▶ [Extracted information]:
(* Let $\alpha>0$, $R>0$, $B>R$. In the Gaussian white noise model $dX^{(n)}(t)=f(t)dt+n^{-1/2}dW(t)$ on $[0,1]$, let $x_{lk}=\int_0^1\psi_{lk}dX^{(n)}=f_{lk}+n^{-1/2}\varepsilon_{lk}$ with $f_{lk}=\langle f,\psi_{lk}\rangle_2$ and $\varepsilon_{lk}$ i.i.d. $N(0,1)$. Suppose the true $f_0$ satisfies $\sup_{l,k}2^{l(1/2+\alpha)}|f_{0,lk}|\le R$. Let the prior $\Pi$ make the $f_{lk}$ independent with Lebesgue density $\sigma_l^{-1}\varphi(\cdot/\sigma_l)$ on $\mathbb{R}$, where $\varphi=\frac1{2B}\mathbf 1_{[-B,B]}$ and $\sigma_l=2^{-l(1/2+\alpha)}$. Let $L_n=\lfloor\log_2((n/\log n)^{1/(2\alpha+1)})\rfloor$. Then there exists $C>0$ such that for every real $t$, every $n\ge2$, every $0\le l\le L_n$ and every $0\le k\le2^l-1$, $$E_{f_0}^n\,E^\Pi\big[e^{t\sqrt n(f_{lk}-x_{lk})}\mid X^{(n)}\big]\le Ce^{t^2/2}.$$
   Context: $\{\psi_{lk}\}$ is a (Cohen–Daubechies–Vial boundary-corrected) wavelet orthonormal basis of $L^2[0,1]$ indexed by $l\ge0$, $0\le k\le2^l-1$. $E^\Pi[\cdot\mid X^{(n)}]$ denotes expectation under the posterior distribution and $E^n_{f_0}$ expectation under the model with $f=f_0$. *)

From HB Require Import structures.
From mathcomp Require Import all_boot all_order all_algebra.
From mathcomp Require Import all_classical all_reals all_analysis.
Set Implicit Arguments. Unset Strict Implicit. Unset Printing Implicit Defensive.
Import Order.TTheory GRing.Theory Num.Theory.
Import numFieldNormedType.Exports.
Local Open Scope classical_set_scope.
Local Open Scope ring_scope.

Definition sigma_l (R : realType) (alpha : R) (l : nat) : R :=
  2 `^ (- (l%:R * (2^-1 + alpha))).

Definition phiB (R : realType) (B : R) (u : R) : R :=
  if `|u| <= B then (2 * B)^-1 else 0.

Definition prior_dens (R : realType) (alpha B : R) (l : nat) (f : R) : R :=
  (sigma_l alpha l)^-1 * phiB B (f / sigma_l alpha l).

Definition lik (R : realType) (n : nat) (x f : R) : R :=
  Num.sqrt (n%:R / (2 * pi)) * expR (- (n%:R / 2) * (x - f) ^+ 2).

Definition std_normal_pdf (R : realType) (e : R) : R :=
  (Num.sqrt (2 * pi))^-1 * expR (- (e ^+ 2) / 2).

(* Posterior expectation E^Pi[ g(f_{lk}) | X^(n) ] for the product prior in
   the Gaussian sequence model: by independence the posterior of f_{lk}
   depends on the data only through x_{lk}, and is given by Bayes' formula. *)
Definition post_exp (R : realType) (alpha B : R) (n l : nat) (g : R -> R) (x : R)
  : R :=
  Rintegral (@lebesgue_measure R) setT
      (fun f => g f * prior_dens alpha B l f * lik n x f)
  / Rintegral (@lebesgue_measure R) setT
      (fun f => prior_dens alpha B l f * lik n x f).

Definition L_n (R : realType) (alpha : R) (n : nat) : int :=
  Num.floor (ln ((n%:R / ln n%:R) `^ (1 / (2 * alpha + 1))) / ln 2).

From HB Require Import structures.
From mathcomp Require Import all_boot all_order all_algebra.
From mathcomp Require Import all_classical all_reals all_analysis.
From mathcomp Require Import ring lra measurable_realfun.
Import Order.TTheory GRing.Theory Num.Theory.
Import numFieldNormedType.Exports.
Local Open Scope classical_set_scope.
Local Open Scope ring_scope.
Set Implicit Arguments. Unset Strict Implicit. Unset Printing Implicit Defensive.

(* The posterior of [f_lk] is the prior, flat with height [peak] on
   [-B sigma_l, B sigma_l], reweighted by a Gaussian likelihood centred at
   [x = f0 + e / sqrt n].  Completing the square, [exp (t sqrt n (f - x))]
   times the likelihood is [exp (t^2/2)] times a normal density, so the
   numerator of Bayes' formula is at most [peak exp (t^2/2)].  Since
   [|f0| <= Rb sigma_l] and [sqrt n sigma_l >= sqrt (ln 2)] for [l <= L_n],
   the window of length [c / (2 sqrt n)], [c = (B - Rb) sqrt (ln 2)], placed
   at distance [c / (2 sqrt n)] from [f0] on the side of the noise [e] lies
   in the flat part of the prior; there the likelihood is at least
   [sqrt n phi(e) exp (c |e| / 2 - c^2 / 2)].  Hence [phi(e)] times the
   posterior mean is [O (exp (t^2/2 - c |e| / 2))], which integrates in [e]. *)

Local Notation mu := (@lebesgue_measure _).

Section lebesgue_integral_bounds.
Variable R : realType.

(* No measurability is needed: the integral of a nonnegative function is a
   supremum over the simple functions below it. *)
Lemma ge0_le_integralT (f g : R -> \bar R) : (forall x, 0 <= f x)%E ->
  (forall x, f x <= g x)%E ->
  (\int[mu]_(x in setT) f x <= \int[mu]_(x in setT) g x)%E.
Proof.
move=> f0 fg.
have g0 x : (0 <= g x)%E by exact: le_trans (f0 x) (fg x).
rewrite !ge0_integralTE //.
apply: ereal_sup_le => _ [h hf <-]; exists h => //= x.
exact: le_trans (hf x) (fg x).
Qed.

Lemma measurable_expRM_abs (c : R) :
  measurable_fun setT (fun x : R => expR (c * `|x|)).
Proof. by apply: measurableT_comp => //; exact: measurable_funM. Qed.

Lemma integral_expR_itv0y (c : R) : 0 < c ->
  (\int[mu]_(x in `[0%R, +oo[) (expR (- c * x))%:E = (c^-1)%:E)%E.
Proof.
move=> c0.
have mexp : measurable_fun setT (fun x : R => expR (- c * x)).
  by apply: measurableT_comp => //; exact: measurable_funM.
have h1 : (\int[mu]_(x in `[0%R, +oo[) (c%:E * (expR (- c * x))%:E) = 1)%E.
  rewrite -(integral_exponential_pdf c0) /exponential_pdf -/(comp EFin _).
  rewrite -restrict_EFin -integral_mkcond.
  by apply: eq_integral => x _; rewrite /= EFinM.
rewrite ge0_integralZl_EFin //in h1; last 2 first.
- by apply/measurable_EFinP; exact: measurable_funTS.
- exact: ltW.
by rewrite -[LHS]mul1e -(@mulVf _ c) ?gt_eqF // EFinM -muleA h1 mule1.
Qed.

Lemma integral_expR_abs (c : R) : 0 < c ->
  (\int[mu]_(x in setT) (expR (- c * `|x|))%:E = (2 / c)%:E)%E.
Proof.
move=> c0.
have mexp : measurable_fun setT (EFin \o fun x : R => expR (- c * `|x|)).
  by apply/measurable_EFinP; exact: measurable_expRM_abs.
have -> : [set: R] = `]-oo, 0%R] `|` `]0%R, +oo[.
  apply/seteqP; split => x //= _; rewrite !in_itv /= andbT.
  by case: (lerP x 0) => _; [left|right].
rewrite ge0_integral_setU //=; first last.
- rewrite disj_set2E; apply/eqP; apply/seteqP; split => // x [] /=.
  by rewrite !in_itv /= andbT => /le_lt_trans h /h; rewrite ltxx.
- exact: measurable_funTS.
rewrite -[2]/(1 + 1) mulrDl mul1r EFinD; congr (_ + _)%E.
- transitivity (\int[mu]_(x in `]-oo, (- 0)%R]) (expR (c * x))%:E)%E.
    rewrite oppr0; apply: eq_integral => x; rewrite inE /= in_itv /= => x0.
    by rewrite ler0_norm // mulrN mulNr opprK.
  rewrite ge0_integration_by_substitutionNy; last 2 first.
  + apply: continuous_subspaceT => x; apply: continuous_comp; last first.
      exact: continuous_expR.
    by apply: continuousM => //; exact: cst_continuous.
  + by move=> x _; exact: expR_ge0.
  rewrite -(integral_expR_itv0y c0); apply: eq_integral => x _ /=.
  by rewrite mulrN mulNr.
- rewrite integral_itv_obnd_cbnd; last exact: measurable_funTS.
  rewrite -(integral_expR_itv0y c0); apply: eq_integral => x.
  by rewrite inE /= in_itv /= andbT => x0; rewrite ger0_norm.
Qed.

Lemma integral_le_expR_abs (h : R -> R) (K c : R) : 0 < c ->
  (forall x, 0 <= h x <= K * expR (- c * `|x|)) ->
  (\int[mu]_(x in setT) (h x)%:E <= (K * (2 / c))%:E)%E.
Proof.
move=> c0 hK.
have K0 : 0 <= K.
  by have /andP[h0 /(le_trans h0)] := hK 0; rewrite normr0 mulr0 expR0 mulr1.
apply: le_trans (ge0_le_integralT (g := fun x => (K * expR (- c * `|x|))%:E) _ _) _.
- by move=> x; rewrite lee_fin; case/andP: (hK x).
- by move=> x; rewrite lee_fin; case/andP: (hK x).
under eq_integral do rewrite EFinM.
rewrite ge0_integralZl_EFin //; last first.
  by apply/measurable_EFinP; exact: measurable_expRM_abs.
by rewrite integral_expR_abs.
Qed.

Lemma integral_cst_indic_itv (k a b : R) : 0 <= k -> a <= b ->
  (\int[mu]_(x in setT) (k * \1_(`[a, b]%classic) x)%:E = (k * (b - a))%:E)%E.
Proof.
move=> k0 ab.
under eq_integral do rewrite EFinM.
rewrite ge0_integralZl_EFin //; last by apply/measurable_EFinP; exact: measurable_indic.
rewrite integral_indic // setIT.
transitivity (k%:E * mu ([set` `[a, b]] : set R))%E; first by [].
rewrite lebesgue_measure_itv /= lte_fin.
case: ltP => ab'; first by rewrite -EFinD -EFinM.
have -> : b = a by apply/eqP; rewrite eq_le ab ab'.
by rewrite subrr mulr0 mule0.
Qed.

Lemma Rintegral_le_of_integral (h : R -> R) (U : R) : (forall x, 0 <= h x) ->
  (\int[mu]_(x in setT) (h x)%:E <= U%:E)%E ->
  0 <= Rintegral mu setT h <= U.
Proof.
move=> h0; rewrite /Rintegral.
have : (0 <= \int[mu]_(x in setT) (h x)%:E)%E.
  by apply: integral_ge0 => x _; rewrite lee_fin.
by case: (\int[mu]_(x in setT) (h x)%:E)%E => [r||] //=; rewrite !lee_fin => -> ->.
Qed.

(* The alternative [0] is the junk value of [Rintegral] on an infinite integral. *)
Lemma Rintegral_eq0_or_ge (h : R -> R) (L : R) :
  (L%:E <= \int[mu]_(x in setT) (h x)%:E)%E ->
  Rintegral mu setT h = 0 \/ L <= Rintegral mu setT h.
Proof.
rewrite /Rintegral.
by case: (\int[mu]_(x in setT) (h x)%:E)%E => [r||] //=; rewrite ?lee_fin; [right|left].
Qed.

End lebesgue_integral_bounds.

Lemma sqr_sub_le {R : realFieldType} (e v c : R) :
  c / 2 <= `|v| <= c -> 0 <= e * v -> (e - v) ^+ 2 <= e ^+ 2 - c * `|e| + c ^+ 2.
Proof.
move=> /andP[vc2 vc] ev.
have ev_abs : e * v = `|e| * `|v| by rewrite -normrM ger0_norm.
have v2 : v ^+ 2 = `|v| ^+ 2 by rewrite real_normK ?num_real.
have e0 := normr_ge0 e; have v0 := normr_ge0 v.
rewrite sqrrB ev_abs v2; nra.
Qed.

Definition prior_peak {R : realType} (alpha B : R) (l : nat) : R :=
  (sigma_l alpha l)^-1 * (2 * B)^-1.

Section prior.
Variables (R : realType) (alpha B : R).
Hypothesis B_gt0 : 0 < B.

Lemma sigma_lE l : sigma_l alpha l = expR (- (l%:R * (2^-1 + alpha)) * ln 2).
Proof. by rewrite /sigma_l /powR pnatr_eq0. Qed.

Lemma sigma_l_gt0 l : 0 < sigma_l alpha l.
Proof. by rewrite sigma_lE expR_gt0. Qed.

(* In fact [n * sigma_l^2 >= ln n]: this is what the [log n] in [L_n] buys. *)
Lemma ln2_le_mul_sigma_l_sqr (n l : nat) : 0 < alpha -> (2 <= n)%N ->
  l%:Z <= L_n alpha n -> ln 2 <= n%:R * sigma_l alpha l ^+ 2.
Proof.
move=> a0 n2; rewrite /L_n floor_ge_int ln_powR => hl.
have n1 : 1 < n%:R :> R by rewrite ltr1n.
have n0 : 0 < n%:R :> R by lra.
have lnn : 0 < ln (n%:R : R) by exact: ln_gt0.
have ln2 : 0 < ln (2 : R) by apply: ln_gt0; lra.
have a21 : 0 < (2 * alpha + 1) * ln (2 : R) by apply: mulr_gt0 => //; lra.
have {}hl : l%:R * ((2 * alpha + 1) * ln 2) <= ln n%:R - ln (ln (n%:R : R)).
  rewrite -ln_div ?posrE //.
  move: hl; rewrite -(ler_pM2r a21) [X in _ <= X -> _](_ : _ = ln (n%:R / ln n%:R)) //.
  by field; rewrite !gt_eqF //; lra.
apply: le_trans (_ : ln n%:R <= _); first by rewrite ler_ln ?posrE ?ler_nat //; lra.
have en : expR (ln (n%:R : R)) = n%:R by rewrite lnK ?posrE.
have eln : expR (ln (ln (n%:R : R))) = ln n%:R by rewrite lnK ?posrE.
rewrite -[X in X <= _]eln sigma_lE expr2 -expRD -[X in _ <= X * _]en -expRD.
by rewrite ler_expR; lra.
Qed.

Lemma le_mul_sigma_l l (x Rb : R) :
  2 `^ (l%:R * (2^-1 + alpha)) * `|x| <= Rb -> `|x| <= Rb * sigma_l alpha l.
Proof.
have P0 : 0 < 2 `^ (l%:R * (2^-1 + alpha)) :> R by apply: powR_gt0.
by rewrite /sigma_l powRN ler_pdivlMr // mulrC.
Qed.

Lemma window_le_flat_prior (Rb f0 : R) (n l : nat) :
  0 < alpha -> Rb < B -> (2 <= n)%N -> l%:Z <= L_n alpha n ->
  `|f0| <= Rb * sigma_l alpha l ->
  `|f0| + (B - Rb) * Num.sqrt (ln 2) / Num.sqrt n%:R <= B * sigma_l alpha l.
Proof.
move=> a0 RbB n2 hl hf.
have sg0 := sigma_l_gt0 l.
have s0 : 0 < Num.sqrt (n%:R : R) by rewrite sqrtr_gt0 ltr0n (leq_trans _ n2).
have : Num.sqrt (ln 2) <= Num.sqrt n%:R * sigma_l alpha l.
  rewrite -(ger0_norm (ltW sg0)) -sqrtr_sqr -sqrtrM ?ler0n // ler_sqrt.
    exact: ln2_le_mul_sigma_l_sqr.
  by rewrite mulr_ge0 ?ler0n ?sqr_ge0.
rewrite -ler_pdivrMl // => h.
have : (B - Rb) * Num.sqrt (ln 2) / Num.sqrt n%:R <= (B - Rb) * sigma_l alpha l.
  by rewrite -mulrA; apply: ler_wpM2l; [rewrite subr_ge0 ltW | rewrite mulrC].
lra.
Qed.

▶ [Work order]:
Transcribe the lines above between the line holding "by apply: continuousM" and the line holding "by have /andP[h0", inclusive, exactly as they stand and with nothing added.

▶ [Your response]:
    by apply: continuousM => //; exact: cst_continuous.
  + by move=> x _; exact: expR_ge0.
  rewrite -(integral_expR_itv0y c0); apply: eq_integral => x _ /=.
  by rewrite mulrN mulNr.
- rewrite integral_itv_obnd_cbnd; last exact: measurable_funTS.
  rewrite -(integral_expR_itv0y c0); apply: eq_integral => x.
  by rewrite inE /= in_itv /= andbT => x0; rewrite ger0_norm.
Qed.

Lemma integral_le_expR_abs (h : R -> R) (K c : R) : 0 < c ->
  (forall x, 0 <= h x <= K * expR (- c * `|x|)) ->
  (\int[mu]_(x in setT) (h x)%:E <= (K * (2 / c))%:E)%E.
Proof.
move=> c0 hK.
have K0 : 0 <= K.
  by have /andP[h0 /(le_trans h0)] := hK 0; rewrite normr0 mulr0 expR0 mulr1.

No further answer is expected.